Впереди появилась и растаяла зеленая гроздь ракет.
Огневой налет настиг их на последнем километре пути. Снаряды и мины рвались со всех сторон. Крупнокалиберная мина взорвалась возле левого борта, танк качнулся и пошел, тяжело покачиваясь в кромешной тьме.
Иванов не трогал рычаги, предоставив машине идти по прямой. Вот «тигр» грузно клюнул носом и, надсадно дрожа, стал подниматься.
«Заглохнет, проклятый», — подумал Иванов, обливаясь холодным потом, и переключил скорость. Танк победно заревел и выполз из огромной воронки на свет. Снаряды колотили по земле еще очень близко, осколки звенели по броне, но огневой вал остался позади. Впереди лежала безмолвная земля, иссеченная глубокими трещинами, вся в воронках, дрожащая зябкой дрожью.

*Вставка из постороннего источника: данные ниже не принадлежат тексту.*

(* Let $p$ be a prime, let $C=\langle t\rangle$ be the infinite cyclic group and $C\otimes\mathbb Z_p=\{t^\alpha:\alpha\in\mathbb Z_p\}$ the group of $p$-adic integers written multiplicatively. Let $\tau:C\otimes\mathbb Z_p\to\mathbb Z/p[\![x]\!]$ be the continuous multiplicative homomorphism with $\tau(t)=1-x$, and consider the induced ring homomorphism $\mathbb Z/p[C\otimes\mathbb Z_p]\to\mathbb Z/p[\![x]\!]$ from the (discrete) group algebra. Then the kernel of the multiplication map $$\mathbb Z/p[\![x]\!]\otimes_{\mathbb Z/p[C\otimes\mathbb Z_p]}\mathbb Z/p[\![x]\!]\longrightarrow \mathbb Z/p[\![x]\!],\qquad a\otimes b\mapsto ab,$$ is uncountable.
   Context: $\tau(t^\alpha)=(1-x)^\alpha$, well defined and continuous since $(1-x)^{p^i}=1-x^{p^i}$. $\mathbb Z/p[C\otimes\mathbb Z_p]$ is the group algebra of the abstract group $C\otimes\mathbb Z_p$, and $\mathbb Z/p[\![x]\!]$ is a module over it via this ring homomorphism. *)

From mathcomp Require Import all_boot all_algebra.
Set Implicit Arguments. Unset Strict Implicit. Unset Printing Implicit Defensive.
Import GRing.Theory.
Local Open Scope ring_scope.

Definition pser (p : nat) := nat -> 'F_p.
Definition ps_zero (p : nat) : pser p := fun _ => 0.
Definition ps_add (p : nat) (f g : pser p) : pser p := fun k => f k + g k.
Definition ps_mul (p : nat) (f g : pser p) : pser p :=
  fun k => \sum_(i < k.+1) f i * g (k - i)%N.

(* p-adic integers as compatible sequences of residues a_n mod p^n.
   The element alpha corresponds to t^alpha in C (x) Z_p. *)
Record padic (p : nat) := Padic {
  padic_seq : nat -> nat;
  padic_bound : forall n, (padic_seq n < p ^ n)%N;
  padic_compat : forall n, (padic_seq n.+1 %% p ^ n)%N = padic_seq n }.

(* tau(t^alpha) = (1-x)^alpha: its k-th coefficient is (-1)^k binom(alpha,k)
   mod p, computed via the residue of alpha mod p^k (k < p^k). *)
Definition tau (p : nat) (a : padic p) : pser p :=
  fun k => (-1) ^+ k * ('C(padic_seq a k, k))%:R.

(* Elements of the group algebra Z/p[C (x) Z_p] as finite formal sums
   sum c_i t^{alpha_i}, and the induced ring homomorphism to Z/p[[x]]. *)
Definition grpalg (p : nat) := seq ('F_p * padic p).
Definition ga_hom (p : nat) (r : grpalg p) : pser p :=
  fun k => \sum_(c <- r) c.1 * tau c.2 k.

Definition balanced (p : nat) (M : zmodType) (beta : pser p -> pser p -> M) : Prop :=
  [/\ forall a a' b, beta (ps_add a a') b = beta a b + beta a' b,
      forall a b b', beta a (ps_add b b') = beta a b + beta a b' &
      forall (r : grpalg p) a b,
        beta (ps_mul (ga_hom r) a) b = beta a (ps_mul (ga_hom r) b)].

(* Elements of Z/p[[x]] (x)_{Z/p[C (x) Z_p]} Z/p[[x]] are represented by finite
   sums of pure tensors sum a_i (x) b_i; two such sums denote the same element
   iff every balanced map agrees on them (universal property of the tensor
   product). *)
Definition tensor (p : nat) := seq (pser p * pser p).
Definition tensor_eq (p : nat) (u v : tensor p) : Prop :=
  forall (M : zmodType) (beta : pser p -> pser p -> M), balanced beta ->
    \sum_(ab <- u) beta ab.1 ab.2 = \sum_(ab <- v) beta ab.1 ab.2.

Definition tmult (p : nat) (u : tensor p) : pser p :=
  fun k => \sum_(ab <- u) ps_mul ab.1 ab.2 k.

(* Every [x (x) 1 - 1 (x) x] lies in the kernel; we show that [d (x) 1 - 1 (x) d]
   and [d' (x) 1 - 1 (x) d'] differ as soon as [1] and [d - d'] are linearly
   independent over the ring [S] of "sparse" series: those that, modulo every
   [x^(p^N)], are combinations of a bounded number of binomial series
   [(1 - x)^m] with [m < p^N].  [S] contains the image of the group algebra,
   because [(1 - x)^alpha] agrees with [(1 - x)^(alpha mod p^N)] modulo
   [x^(p^N)].  By Zorn's lemma there is then an additive [S]-linear
   [phi : F_p[[x]] -> Frac F_p[[x]]] with [phi 1 = 0] and [phi (d - d') = 1],
   and [a (x) b |-> phi a * b] is a balanced map separating the two tensors.
   Given a sequence of kernel elements, pick [d_n] whose tensor is the [n]-th
   one when possible, and build [d] diagonally: its coefficients in
   [[p^N, p^(N+1))] are a block chosen so that no relation [t (d - d_n) = s]
   with [n <= N] and [t], [s] of sparsity at most [N] holds to the relevant
   precision.  Such a block exists by counting: each relation is satisfied by
   at most one block, and there are [p^O(N^2)] relations but
   [p^((p-1) p^N)] blocks. *)

From mathcomp Require Import all_boot all_algebra.
From HB Require Import structures.
From mathcomp Require Import boolp classical_sets functions.
From mathcomp Require Import zify ring.
Set Implicit Arguments. Unset Strict Implicit. Unset Printing Implicit Defensive.
Import GRing.Theory.
Local Open Scope ring_scope.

Вражеские ракеты пылали, обрушивая весь свой яростный свет на ползущее чудовище, огромное, как ящер. Из его тупого рыла мелькал и прятался огненный язык. «Тигр» перекатился, раздавив пулеметное гнездо, через траншею и стал медленно, словно боясь оступиться, спускаться вниз по склону. Он подминал ежи с колючей проволокой; под его гусеницами, как орехи, лопались противопехотные мины.
Вот он пересек узкую нейтральную полосу, деловито передавил противопехотные мины другой стороны, переполз через холмик и остановился.